Mar 29 20:20:03 vdr kernel: [119370.230650] <intr> xhci_dbg_trace:31: xhci_hcd 0000:00:00.0: Successful Set TR Deq Ptr cmd, deq = @2ae36c5a0
Mar 29 20:20:03 vdr kernel: [119370.230700] <intr> xhci_dbg_trace:31: xhci_hcd 0000:00:00.0: Removing canceled TD starting at 0x2ae36c5a0 (dma).
Mar 29 20:20:03 vdr kernel: [119370.230705] <intr> xhci_dbg_trace:31: xhci_hcd 0000:00:00.0: Finding endpoint context
Mar 29 20:20:03 vdr kernel: [119370.230710] <intr> xhci_dbg_trace:31: xhci_hcd 0000:00:00.0: Cycle state = 0x0
Mar 29 20:20:03 vdr kernel: [119370.230715] <intr> xhci_dbg_trace:31: xhci_hcd 0000:00:00.0: New dequeue segment = 00000000573583cc (virtual)
Mar 29 20:20:03 vdr kernel: [119370.230719] <intr> xhci_dbg_trace:31: xhci_hcd 0000:00:00.0: New dequeue pointer = 0x2ae36c5b0 (DMA)
Mar 29 20:20:03 vdr kernel: [119370.230725] <intr> xhci_dbg_trace:31: xhci_hcd 0000:00:00.0: Set TR Deq Ptr cmd, new deq seg = 00000000573583cc (0x2ae36c000 dma), new deq ptr = 0000000050070757 (0x2ae36c5b0 dma), new cycle = 0
Mar 29 20:20:03 vdr kernel: [119370.230730] <intr> xhci_ring_cmd_db:282: xhci_hcd 0000:00:00.0: // Ding dong!
Mar 29 20:20:03 vdr kernel: [119370.230798] [27868] xhci_dbg_trace:31: xhci_hcd 0000:00:00.0: Cancel URB 00000000588cca08, dev 2, ep 0x82, starting at offset 0x2ae36c5b0
Mar 29 20:20:03 vdr kernel: [119370.230805] [27868] xhci_ring_cmd_db:282: xhci_hcd 0000:00:00.0: // Ding dong!
Mar 29 20:20:03 vdr kernel: [119370.230816] <intr> xhci_dbg_trace:31: xhci_hcd 0000:00:00.0: Successful Set TR Deq Ptr cmd, deq = @2ae36c5b0
Mar 29 20:20:03 vdr kernel: [119370.230865] <intr> xhci_dbg_trace:31: xhci_hcd 0000:00:00.0: Removing canceled TD starting at 0x2ae36c5b0 (dma).
Mar 29 20:20:03 vdr kernel: [119370.230870] <intr> xhci_dbg_trace:31: xhci_hcd 0000:00:00.0: Finding endpoint context
Mar 29 20:20:03 vdr kernel: [119370.230874] <intr> xhci_dbg_trace:31: xhci_hcd 0000:00:00.0: Cycle state = 0x0
Mar 29 20:...

Read more...

Guilherme G. Piccoli (gpiccoli) wrote :

Thanks a lot Imperia! It's indeed the same PCI adapter, and it's even better you're running an upstream kernel like this.

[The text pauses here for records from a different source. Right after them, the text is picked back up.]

(* Let $a>0$, $a\neq1$, and let $\mathcal{G}$ be the real Lie algebra with basis $X_1,X_2,X_3$ and brackets $[X_1,X_2]=-aX_2-X_3$, $[X_2,X_3]=0$, $[X_3,X_1]=X_2+aX_3$ (Bianchi type $VI_a$). Every real Manin triple $(\mathcal{D},\mathcal{G}',\tilde{\mathcal{G}}')$ with $\mathcal{G}'\cong\mathcal{G}$ is isomorphic to exactly one Manin triple $(\mathcal{D},\mathcal{G},\tilde{\mathcal{G}})$ in which $\tilde{\mathcal{G}}$, in the basis $\tilde X^1,\tilde X^2,\tilde X^3$ dual to $X_1,X_2,X_3$, has one of the following bracket structures: (a) (Bianchi $I$) all brackets zero; (b) (Bianchi $II$) $[\tilde X^1,\tilde X^2]=0$, $[\tilde X^2,\tilde X^3]=\tilde X^1$, $[\tilde X^3,\tilde X^1]=0$; (c) (Bianchi $VI_{1/a}$) (i) $[\tilde X^1,\tilde X^2]=-b(\tfrac1a\tilde X^2+\tilde X^3)$, $[\tilde X^2,\tilde X^3]=0$, $[\tilde X^3,\tilde X^1]=b(\tilde X^2+\tfrac1a\tilde X^3)$, $b\in\mathbb{R}\setminus\{0\}$; (ii) $[\tilde X^1,\tilde X^2]=\tilde X^1$, $[\tilde X^2,\tilde X^3]=\tfrac{a+1}{a-1}(\tilde X^2+\tilde X^3)$, $[\tilde X^3,\tilde X^1]=\tilde X^1$; (iii) $[\tilde X^1,\tilde X^2]=\tilde X^1$, $[\tilde X^2,\tilde X^3]=\tfrac{a-1}{a+1}(-\tilde X^2+\tilde X^3)$, $[\tilde X^3,\tilde X^1]=-\tilde X^1$.
   Context: A real Manin triple $(\mathcal{D},\mathcal{G},\tilde{\mathcal{G}})$ consists of a real Lie algebra $\mathcal{D}$ with a symmetric, ad-invariant, nondegenerate bilinear form $\langle\cdot,\cdot\rangle$, and two maximally isotropic Lie subalgebras $\mathcal{G},\tilde{\mathcal{G}}$ with $\mathcal{D}=\mathcal{G}\oplus\tilde{\mathcal{G}}$ as vector spaces; here $\dim\mathcal{D}=6$, $\dim\mathcal{G}=\dim\tilde{\mathcal{G}}=3$. Bases $X_i$ of $\mathcal{G}$ and $\tilde X^i$ of $\tilde{\mathcal{G}}$ are dual if $\langle X_i,X_j\rangle=0$, $\langle X_i,\tilde X^j\rangle=\delta_i^j$, $\langle\tilde X^i,\tilde X^j\rangle=0$. If $[X_i,X_j]=f_{ij}{}^kX_k$ and $[\tilde X^i,\tilde X^j]=\tilde f^{ij}{}_k\tilde X^k$, ad-invariance forces $[X_i,\tilde X^j]=f_{ki}{}^j\tilde X^k+\tilde f^{jk}{}_iX_k$, so the triple is determined by the brackets of $\mathcal{G}$ and $\tilde{\mathcal{G}}$ in dual bases. Two Manin triples are isomorphic if there is a Lie algebra isomorphism of the doubles preserving the bilinear forms and mapping first subalgebra to first subalgebra and second to second; equivalently, they are related by a change of basis $X_i'=X_kA^k{}_i$, $\tilde X'^j=(A^{-1})^j{}_k\tilde X^k$. Different values of the parameter $b$ give non-isomorphic triples. *)

From mathcomp Require Import all_boot all_order all_algebra.
From mathcomp Require Import reals.
Set Implicit Arguments. Unset Strict Implicit. Unset Printing Implicit Defensive.
Import Order.TTheory GRing.Theory Num.Theory.
Local Open Scope ring_scope.

(* Structure constants of a 3-dimensional algebra with basis indexed by 'I_3
   (index 0,1,2 stand for X_1,X_2,X_3):  [X_i, X_j] = \sum_k f i j k X_k. *)
Definition sc (R : ringType) := 'I_3 -> 'I_3 -> 'I_3 -> R.

Definition sc_eq (R : ringType) (f g : sc R) := forall i j k, f i j k = g i j k.

(* Elements of the double D = G (+) G~ in coordinates: (u, xi) stands for
   \sum_i u_i X_i + \sum_i xi_i X~^i. *)
Definition dbl (R : ringType) := ('rV[R]_3 * 'rV[R]_3)%type.

Definition dadd (R : ringType) (x y : dbl R) : dbl R := (x.1 + y.1, x.2 + y.2).

(* The bracket of the double determined by f (brackets of G in the basis X_i)
   and ft (brackets of G~ in the dual basis X~^i), using
   [X_i,X_j] = f_ij^k X_k, [X~^i,X~^j] = ft^ij_k X~^k,
   [X_i,X~^j] = f_ki^j X~^k + ft^jk_i X_k,  [X~^j,X_i] = - [X_i,X~^j]. *)
Definition dbr (R : comRingType) (f ft : sc R) (x y : dbl R) : dbl R :=
  let u := x.1 in let xi := x.2 in let v := y.1 in let eta := y.2 in
  (\row_k (\sum_i \sum_j u 0 i * v 0 j * f i j k
           + \sum_i \sum_j u 0 i * eta 0 j * ft j k i
           - \sum_i \sum_j xi 0 j * v 0 i * ft j k i),
   \row_k (\sum_i \sum_j xi 0 i * eta 0 j * ft i j k
           + \sum_i \sum_j u 0 i * eta 0 j * f k i j
           - \sum_i \sum_j xi 0 j * v 0 i * f k i j)).
Lemma flatB (a b : V) : flat a -> flat b -> flat (a - b).
Proof. by move=> fa fb; rewrite -scaleN1r; exact/flatD/flatZ. Qed.

Lemma near0_line (w v : V) (P : set V) :
  nbhs w P -> \forall t \near (0 : R), P (w + t *: v).
Proof.
have : (fun t : R => w + t *: v) @ 0 --> w.
  by rewrite -[X in _ --> X]addr0 -(scale0r v); exact: continuous_line.
by move=> + Pw; apply.
Qed.

Definition flat_chart (Th U W : set V) (phi psi : V -> V) : Prop :=
  [/\ C1_on W psi, (forall y, U y -> W (phi y) /\ psi (phi y) = y),
      (forall y, Th y -> U y -> flat (phi y)) &
      (forall w, flat w -> W w -> Th (psi w))].

Lemma C1_hypersurface_chart (Th : set V) x : C1_hypersurface Th -> Th x ->
  exists U W (phi psi : V -> V),
    [/\ open U, U x, differentiable phi x & flat_chart Th U W phi psi].
Proof.
move=> [_ charts] Thx.
have [U [W [phi [Ux [[oU [_ [[_ [dphi _]] [psi [C1psi [inv _]]]]]] img]]]]] :=
  charts x Thx.
exists U, W, phi, psi; split=> //; first exact: dphi.
split=> // [y Thy Uy|w fw Ww].
  have : (phi @` (Th `&` U)) (phi y) by exists y.
  by rewrite img => -[].
have : (flat `&` W) w by [].
by rewrite -img => -[y [Thy Uy] <-]; rewrite (inv y Uy).2.
Qed.

Lemma C1_curve_in_line_image (Th W : set V) (psi : V -> V) w v :
  C1_on W psi -> W w -> (forall t, W (w + t *: v) -> Th (psi (w + t *: v))) ->
  C1_curve_in Th (psi \o (fun t : R => w + t *: v)).
Proof.
move=> [oW [dpsi cpsi]] Ww lineTh.
have /nbhs_norm0P[e /= e0 lineW] := near0_line v (open_nbhs_nbhs (conj oW Ww)).
have eI t : t \in [set` `]-e, e[] -> W (w + t *: v).
  by rewrite inE /= in_itv /= => tI; apply: lineW; rewrite /= ltr_norml.
exists e; split=> //; split; first by move=> t /lineW /lineTh.
split.
  by move=> t /lineW Wt; apply/diff_derivable/differentiable_comp_line/dpsi.
apply: (@subspace_eq_continuous _ _ _ (fun t : R => 'd psi (w + t *: v) v)).
  by move=> t /eI Wt; apply/esym/derive1_comp_line/dpsi.
rewrite continuous_open_subspace; last exact: interval_open.
move=> t /eI Wt.
apply: (@continuous_comp _ _ _ (fun t : R => w + t *: v) (fun y => 'd psi y v)).
  exact: continuous_line.
by have := cpsi v; rewrite continuous_open_subspace // => /(_ _ (mem_set Wt)).
Qed.

Lemma normal_orthogonal_chart (Th U W : set V) (phi psi n : V -> V) x v :
  normal_vector Th n -> Th x -> U x -> flat_chart Th U W phi psi -> flat v ->
  edot (n x) ('d psi (phi x) v) = 0.
Proof.
move=> [_ [_ n_orth]] Thx Ux [C1psi inv flatTh Thflat] fv.
have [Wx psix] := inv x Ux.
have lineTh t : W (phi x + t *: v) -> Th (psi (phi x + t *: v)).
  exact/Thflat/flatD/flatZ/fv/flatTh.
have g0 : (psi \o (fun t : R => phi x + t *: v)) 0 = x by rewrite /= scale0r addr0.
have := n_orth x Thx _ (C1_curve_in_line_image C1psi Wx lineTh) g0.
have [_ [dpsi _]] := C1psi.
by rewrite derive1_comp_line scale0r addr0 //; exact: dpsi.
Qed.

Lemma diff_transversal_near (psi : V -> V) w nu C :
  differentiable psi w -> edot nu nu = 1 -> 0 < C ->
  \forall t \near (0 : R), forall k, `|k| <= C * `|t| ->
    psi (k + w) = psi w + t *: nu -> edot nu ('d psi w k) = 0 -> t = 0.
Proof.
move=> dpsi nu1 C0.
pose S := \sum_i `|nu 0 i| + 1.
have S0 : 0 < S by rewrite ltr_wpDl ?sumr_ge0.
have eps0 : 0 < (2 * S * C)^-1 by rewrite invr_gt0 !mulr_gt0.
have /nbhs_norm0P[r /= r0 rem] := diff_remainder_near dpsi eps0.
have rC0 : 0 < r / C by rewrite divr_gt0.
near=> t => k kt psik k_orth.
have tr : `|t| < r / C by near: t; apply: (@nbhs0_lt _ R^o).
have remk : `|t *: nu - 'd psi w k| <= (2 * S * C)^-1 * `|k|.
  have kr : `|k| < r by apply: le_lt_trans kt _; rewrite mulrC -ltr_pdivlMr.
  by have := rem _ kr; rewrite /= psik [psi w + _]addrC addrK.
have tE : t = edot nu (t *: nu - 'd psi w k).
  by rewrite edotBr edotZr nu1 k_orth mulr1 subr0.
have : `|t| <= S * ((2 * S * C)^-1 * (C * `|t|)).
  rewrite {1}tE; apply: le_trans (edot_le_sum_norm _ _) _.
  apply: ler_pM; rewrite ?sumr_ge0 //; first by rewrite /S lerDl.
  by apply: le_trans remk _; rewrite ler_wpM2l // ltW.
have -> : S * ((2 * S * C)^-1 * (C * `|t|)) = `|t| / 2 by field; rewrite !gt_eqF.
by move=> ?; apply/eqP; rewrite -normr_le0; lra.
Unshelve. all: by end_near. Qed.

Lemma normal_line_off_hypersurface (Th : set V) n x :
  C1_hypersurface Th -> normal_vector Th n -> Th x ->
  \forall t \near (0 : R), t != 0 -> ~ Th (x + t *: n x).
Proof.
move=> hyp nrm Thx.
have [U [W [phi [psi [oU Ux dphi chart]]]]] := C1_hypersurface_chart hyp Thx.
have [[_ [dpsi _]] inv flatTh _] := chart.
have [Wx psix] := inv x Ux.
have n1 : enorm (n x) = 1 by case: nrm => _ [+ _]; apply.
have [C C0 phiC] := diff_lipschitz_line_near (n x) dphi.
have transv := diff_transversal_near (dpsi _ Wx) (edot_unit n1) C0.
have lineU := near0_line (n x) (open_nbhs_nbhs (conj oU Ux)).
apply: filterS3 transv lineU phiC => t transvt Ut kC /eqP t0 Tht.
apply/t0/(transvt _ kC).
  by rewrite subrK (inv _ Ut).2 psix.
apply/(normal_orthogonal_chart nrm Thx Ux chart)/flatB; exact: flatTh.
Qed.

End Hypersurface.

Theorem lemma2 (R : realType) (d : nat) (Th : set 'rV[R]_d)
    (mu n : 'rV[R]_d -> 'rV[R]_d) :
  C1_hypersurface Th -> orientable Th -> positive_reach Th ->
  intrinsic_lipschitz_on (~` Th) mu ->
  normal_vector Th n ->
  forall x, Th x -> forall s : R, (s = 1 \/ s = -1) ->
    exists l : 'rV[R]_d, (fun h : R => mu (x + (s * h) *: n x)) @ 0^'+ --> l.
Proof.
move=> hyp _ _ lip nrm x Thx s s_pm1.
have /nbhs_norm0P[e /= e0 offTh] := normal_line_off_hypersurface hyp nrm Thx.
have s1 : `|s| = 1 by case: s_pm1 => ->; rewrite ?normrN normr1.
have sn1 : enorm (s *: n x) = 1.
  by rewrite enormZ s1 mul1r; case: nrm => _ [+ _]; apply.
have lineA h : 0 < h < e -> (~` Th) (x + h *: (s *: n x)).
  move=> /andP[h0 he]; rewrite scalerA; apply: offTh.
    by rewrite /= normrM s1 mulr1 gtr0_norm.
  by apply: mulf_neq0; [exact: lt0r_neq0 | rewrite -normr_eq0 s1 oner_eq0].
have [L L0 lipL] := intrinsic_lipschitz_on_line lip lineA.
have : cvg ((fun h => mu (x + h *: (s *: n x))) @ 0^'+).
  apply: (lipschitz_cvg_at_right (a := 0) e0 L0) => h1 h2; rewrite add0r => h1I h2I.
  by rewrite -[L]mulr1 -sn1 lipL.
under eq_fun do rewrite scalerA mulrC.
by move=> /cvg_ex[l]; exists l.
Qed.
From HB Require Import structures.
From mathcomp Require Import all_boot all_order all_algebra all_field.
From mathcomp Require Import ring.
Import GRing.Theory.
Local Open Scope ring_scope.
Set Implicit Arguments. Unset Strict Implicit.

(* Every K-point x of the smooth cubic S lies in B_1, where B_0 = l1(K) u l2(K).
   Since l1, l2 are skew, K^4 = l1 (+) l2, so x = p + q with p in l1, q in l2;
   if p = 0 or q = 0 then x is in B_0.  Otherwise write F = ev c and D(x, w)
   for its polar (the derivative of F at x in direction w).
   - If D(p, q) <> 0, the line pq meets S in exactly p, q and x: x is the third
     point of the secant pq.
   - If D(p, q) = 0, the line pq lies in S.  In the plane spanned by l1 and q,
     F restricts to s' t (a s + b s' + e t) (coordinates along p, p', q).  If
     a = 0, then either S is singular or p is a K-rational Eckardt point of l1
     (three lines of the pencil through p lie on S), both excluded; if a <> 0
     and a + e <> 0, the line through x tangent to S at a point A of l1 shows
     that x is the third point of A, A.  Doing the same on l2, the only case
     left is a + e = 0 on both sides, and then x is a singular point of S. *)

Section Polarization.
Variable R : comNzRingType.
Implicit Types (c : cubic R) (x y z w : 'rV[R]_4).

Definition tform c x y z : R :=
  \sum_(i < 4) \sum_(j < 4) \sum_(k < 4) c i j k * x 0 i * y 0 j * z 0 k.

Definition polar c x w : R := tform c w x x + tform c x w x + tform c x x w.

(* The full polarization: the coefficient of s1 s2 s3 in
   ev c (s1 x + s2 y + s3 z). *)
Definition polar3 c x y z : R :=
  tform c x y z + tform c x z y + tform c y x z + tform c y z x
  + tform c z x y + tform c z y x.

Lemma ev_tform c x : ev c x = tform c x x x. Proof. by []. Qed.

Lemma tform_lin1 c a b x x' y z :
  tform c (a *: x + b *: x') y z = a * tform c x y z + b * tform c x' y z.
Proof.
rewrite /tform !mulr_sumr -big_split; apply: eq_bigr => i _.
rewrite !mulr_sumr -big_split; apply: eq_bigr => j _.
rewrite !mulr_sumr -big_split; apply: eq_bigr => k _.
by rewrite !mxE /=; ring.
Qed.

Lemma tform_lin2 c a b x x' y z :
  tform c y (a *: x + b *: x') z = a * tform c y x z + b * tform c y x' z.
Proof.
rewrite /tform !mulr_sumr -big_split; apply: eq_bigr => i _.
rewrite !mulr_sumr -big_split; apply: eq_bigr => j _.
rewrite !mulr_sumr -big_split; apply: eq_bigr => k _.
by rewrite !mxE /=; ring.
Qed.

Lemma tform_lin3 c a b x x' y z :
  tform c y z (a *: x + b *: x') = a * tform c y z x + b * tform c y z x'.
Proof.
rewrite /tform !mulr_sumr -big_split; apply: eq_bigr => i _.
rewrite !mulr_sumr -big_split; apply: eq_bigr => j _.
rewrite !mulr_sumr -big_split; apply: eq_bigr => k _.
by rewrite !mxE /=; ring.
Qed.

Lemma add_as_comb x y : x + y = 1 *: x + 1 *: y. Proof. by rewrite !scale1r. Qed.

Lemma tformD1 c x x' y z : tform c (x + x') y z = tform c x y z + tform c x' y z.
Proof. by rewrite (add_as_comb x) tform_lin1 !mul1r. Qed.
Lemma tformD2 c x x' y z : tform c y (x + x') z = tform c y x z + tform c y x' z.
Proof. by rewrite (add_as_comb x) tform_lin2 !mul1r. Qed.
Lemma tformD3 c x x' y z : tform c y z (x + x') = tform c y z x + tform c y z x'.
Proof. by rewrite (add_as_comb x) tform_lin3 !mul1r. Qed.
Lemma tformZ1 c a x y z : tform c (a *: x) y z = a * tform c x y z.
Proof. by rewrite -[a *: x]addr0 -(scale0r 0) tform_lin1 mul0r addr0. Qed.
Lemma tformZ2 c a x y z : tform c y (a *: x) z = a * tform c y x z.
Proof. by rewrite -[a *: x]addr0 -(scale0r 0) tform_lin2 mul0r addr0. Qed.
Lemma tformZ3 c a x y z : tform c y z (a *: x) = a * tform c y z x.
Proof. by rewrite -[a *: x]addr0 -(scale0r 0) tform_lin3 mul0r addr0. Qed.

Definition tform_multilin :=
  (tformD1, tformD2, tformD3, tformZ1, tformZ2, tformZ3).

Lemma ev_line c s t x y : ev c (s *: x + t *: y) =
  s ^+ 3 * ev c x + s ^+ 2 * t * polar c x y + s * t ^+ 2 * polar c y x
  + t ^+ 3 * ev c y.
Proof. by rewrite /polar !ev_tform !tform_multilin; ring. Qed.

Lemma ev_plane c s1 s2 s3 x1 x2 x3 : ev c (s1 *: x1 + s2 *: x2 + s3 *: x3) =
  s1 ^+ 3 * ev c x1 + s2 ^+ 3 * ev c x2 + s3 ^+ 3 * ev c x3
  + s1 ^+ 2 * s2 * polar c x1 x2 + s1 * s2 ^+ 2 * polar c x2 x1
  + s1 ^+ 2 * s3 * polar c x1 x3 + s1 * s3 ^+ 2 * polar c x3 x1
  + s2 ^+ 2 * s3 * polar c x2 x3 + s2 * s3 ^+ 2 * polar c x3 x2
  + s1 * s2 * s3 * polar3 c x1 x2 x3.
Proof. by rewrite /polar /polar3 !ev_tform !tform_multilin; ring. Qed.

Lemma polarD c y u v : polar c y (u + v) = polar c y u + polar c y v.
Proof. by rewrite /polar !tform_multilin; ring. Qed.

Lemma polarZ c y a u : polar c y (a *: u) = a * polar c y u.
Proof. by rewrite /polar !tform_multilin; ring. Qed.

Lemma polar_line c s t x y w : polar c (s *: x + t *: y) w =
  s ^+ 2 * polar c x w + s * t * polar3 c x y w + t ^+ 2 * polar c y w.
Proof. by rewrite /polar /polar3 !tform_multilin; ring. Qed.

Lemma polar_diag c x : polar c x x = ev c x + ev c x + ev c x.
Proof. by rewrite /polar ev_tform. Qed.

Lemma polar3_xyx c x y : polar3 c x y x = polar c x y + polar c x y.
Proof. by rewrite /polar /polar3; ring. Qed.

Lemma polar3_xyy c x y : polar3 c x y y = polar c y x + polar c y x.
Proof. by rewrite /polar /polar3; ring. Qed.

Lemma polar3C23 c x y z : polar3 c x y z = polar3 c x z y.
Proof. by rewrite /polar3; ring. Qed.

Lemma polar3C12 c x y z : polar3 c x y z = polar3 c y x z.
Proof. by rewrite /polar3; ring. Qed.

Lemma ev_plane_two_lines c x x' y :
  ev c x = 0 -> ev c x' = 0 -> ev c y = 0 ->
  polar c x x' = 0 -> polar c x' x = 0 -> polar c x y = 0 -> polar c y x = 0 ->
  forall s s' t, ev c (s *: x + s' *: x' + t *: y) =
    s' * t * (polar3 c x x' y * s + polar c x' y * s' + polar c y x' * t).
Proof.
move=> e1 e2 e3 d1 d2 d3 d4 s s' t; rewrite ev_plane e1 e2 e3 d1 d2 d3 d4; ring.
Qed.

Lemma polar_delta c y l : polar c y (delta_mx 0 l) = dev c l y.
Proof.
rewrite /polar /tform /dev -!big_split; apply: eq_bigr => i _.
rewrite -!big_split; apply: eq_bigr => j _.
rewrite -!big_split; apply: eq_bigr => k _.
by rewrite !mxE /=; ring.
Qed.
End Polarization.

Section BaseChange.
Variables (R S : comNzRingType) (f : {rmorphism R -> S}).
Implicit Types (c : cubic R) (x y z : 'rV[R]_4).
Local Notation fx x := (map_mx f x).

Lemma tform_map c x y z :
  tform (cubic_map f c) (fx x) (fx y) (fx z) = f (tform c x y z).
Proof.
rewrite /tform rmorph_sum; apply: eq_bigr => i _.
rewrite rmorph_sum; apply: eq_bigr => j _.
rewrite rmorph_sum; apply: eq_bigr => k _.
by rewrite !rmorphM !mxE.
Qed.

Lemma ev_map c x : ev (cubic_map f c) (fx x) = f (ev c x).
Proof. by rewrite !ev_tform tform_map. Qed.

Lemma polar_map c x y : polar (cubic_map f c) (fx x) (fx y) = f (polar c x y).
Proof. by rewrite /polar !tform_map !rmorphD. Qed.

Lemma polar3_map c x y z :
  polar3 (cubic_map f c) (fx x) (fx y) (fx z) = f (polar3 c x y z).
Proof. by rewrite /polar3 !tform_map !rmorphD. Qed.
End BaseChange.

Local Notation mp := (map_mx Kemb).

Ltac lincomb :=
  apply/rowP => ?;
  rewrite !mxE ?(rmorphD, rmorphM, rmorphN, rmorph0, rmorph1); ring.

Section Vectors.
Variable F : fieldType.
Implicit Types (u v w x y : 'rV[F]_4).

Definition mk2 u v : 'M[F]_(2, 4) :=
  \matrix_(i < 2, j < 4) (if (i : nat) == 0%N then u 0 j else v 0 j).

Lemma mk2_r0 u v : row 0 (mk2 u v) = u.
Proof. by apply/rowP => j; rewrite !mxE. Qed.

Lemma mk2_r1 u v : row 1 (mk2 u v) = v.
Proof. by apply/rowP => j; rewrite !mxE. Qed.

Lemma mk2_rows (A : 'M[F]_(2, 4)) : A = mk2 (row 0 A) (row 1 A).
Proof.
apply/matrixP => i j; rewrite !mxE.
by case: i => [[|[|//]] Hi] /=; congr (A _ j); apply: val_inj.
Qed.

Lemma mulmx_mk2 (w : 'rV[F]_2) u v : w *m mk2 u v = w 0 0 *: u + w 0 1 *: v.
Proof.
rewrite mulmx_sum_row big_ord_recl big_ord1.
congr (_ *: _ + _ *: _); try by apply/rowP => j; rewrite !mxE.
by congr (w 0 _); apply: val_inj.
Qed.

Lemma mk2_sub y u v : (y <= mk2 u v)%MS -> exists s t, y = s *: u + t *: v.
Proof. by case/submxP => W ->; rewrite mulmx_mk2; eauto. Qed.

Lemma mk2_sub_r0 u v : (u <= mk2 u v)%MS.
Proof. by have := row_sub 0 (mk2 u v); rewrite mk2_r0. Qed.

Lemma mk2_sub_r1 u v : (v <= mk2 u v)%MS.
Proof. by have := row_sub 1 (mk2 u v); rewrite mk2_r1. Qed.

Lemma sub_mk2 s t u v : ((s *: u + t *: v)%R <= mk2 u v)%MS.
Proof.
by apply: addmx_sub; apply: scalemx_sub; rewrite ?mk2_sub_r0 ?mk2_sub_r1.
Qed.

Definition indep2 u v := forall a b, a *: u + b *: v = 0 -> a = 0 /\ b = 0.

Lemma row_free_of m (A : 'M[F]_(m, 4)) :
  (forall w : 'rV_m, w *m A = 0 -> w = 0) -> row_free A.
Proof.
move=> H; rewrite -kermx_eq0; apply/rowV0P => v /sub_kermxP; exact: H.
Qed.

Lemma indep2_rank u v : indep2 u v <-> \rank (mk2 u v) = 2%N.
Proof.
split=> [H | /eqP Hr a b Hab].
  apply/eqP; apply: row_free_of => w; rewrite mulmx_mk2 => /H [h0 h1].
  apply/rowP => j; rewrite mxE.
  case: j => [[|[|//]] Hj]; [rewrite -h0 | rewrite -h1];
    by congr (w 0 _); apply: val_inj.
have := row_free_inj Hr
  (x1 := \row_(j < 2) (if (j : nat) == 0%N then a else b)) (x2 := 0).
rewrite mul0mx mulmx_mk2 !mxE /= => /(_ Hab) /rowP H.
by split; [have := H 0 | have := H 1]; rewrite !mxE.
Qed.

Lemma indep2_neq0r u v : indep2 u v -> v != 0.
Proof.
move=> H; apply/eqP => v0.
have [_ /eqP] : (0 : F) = 0 /\ (1 : F) = 0.
  by apply: H; rewrite v0 scale0r scaler0 addr0.
by rewrite oner_eq0.
Qed.

Definition mk4 u0 u1 u2 u3 : 'M[F]_4 :=
  \matrix_(i < 4, j < 4) (if (i : nat) == 0%N then u0 0 j else
     if (i : nat) == 1%N then u1 0 j else if (i : nat) == 2%N then u2 0 j
     else u3 0 j).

I'll analyze your logs in order to match with the ones I have here.
I might need some xhci traces to understand the TRBs operations (like the enqueue and completion of TRBs). I'll comment here in case I need it.

Cheers,

Guilherme

imperia (imperia777) wrote :

echo xhci-hcd >> /sys/kernel/debug/tracing/set_event
(tail -F -n0 /var/log/kern.log &) | grep -q "TRB DMA"
cp /var/log/kern.log /home/imperia/log1.log

Is this correct command to get traces?
I will run it in advance.

Somebody told me to run this before when I was looking for help.

BTW did you download the full logs so I can remove it from web page?

I will can provide ssh access to box affected if needed.

Guilherme G. Piccoli (gpiccoli) wrote :

Wow Imperia, you're being really helpful here, thank you very much!

To enable traces, these are the instructions I've provided to other people affected so far:

0) Reboot the machine in order to put it in a consistent state;
1) echo "module xhci_hcd +flpt" > /sys/kernel/debug/dynamic_debug/control
2) echo nop > /sys/kernel/debug/tracing/current_tracer
3) echo 81920 > /sys/kernel/debug/tracing/buffer_size_kb
4) echo 0 > /sys/kernel/debug/tracing/trace
5) echo 1 > /sys/kernel/debug/tracing/tracing_on
6) echo 1 > /sys/kernel/debug/tracing/events/xhci-hcd/enable

After reproduce the issue, you should collect /sys/kernel/debug/tracing/trace. Problem is that the file might be huge, much larger than the kernel log you provided for instance.

About the SSH access, I'm interested in getting it next week, if it doesn't annoy you too much. It'll be really helpful, but I might need to reboot the machine.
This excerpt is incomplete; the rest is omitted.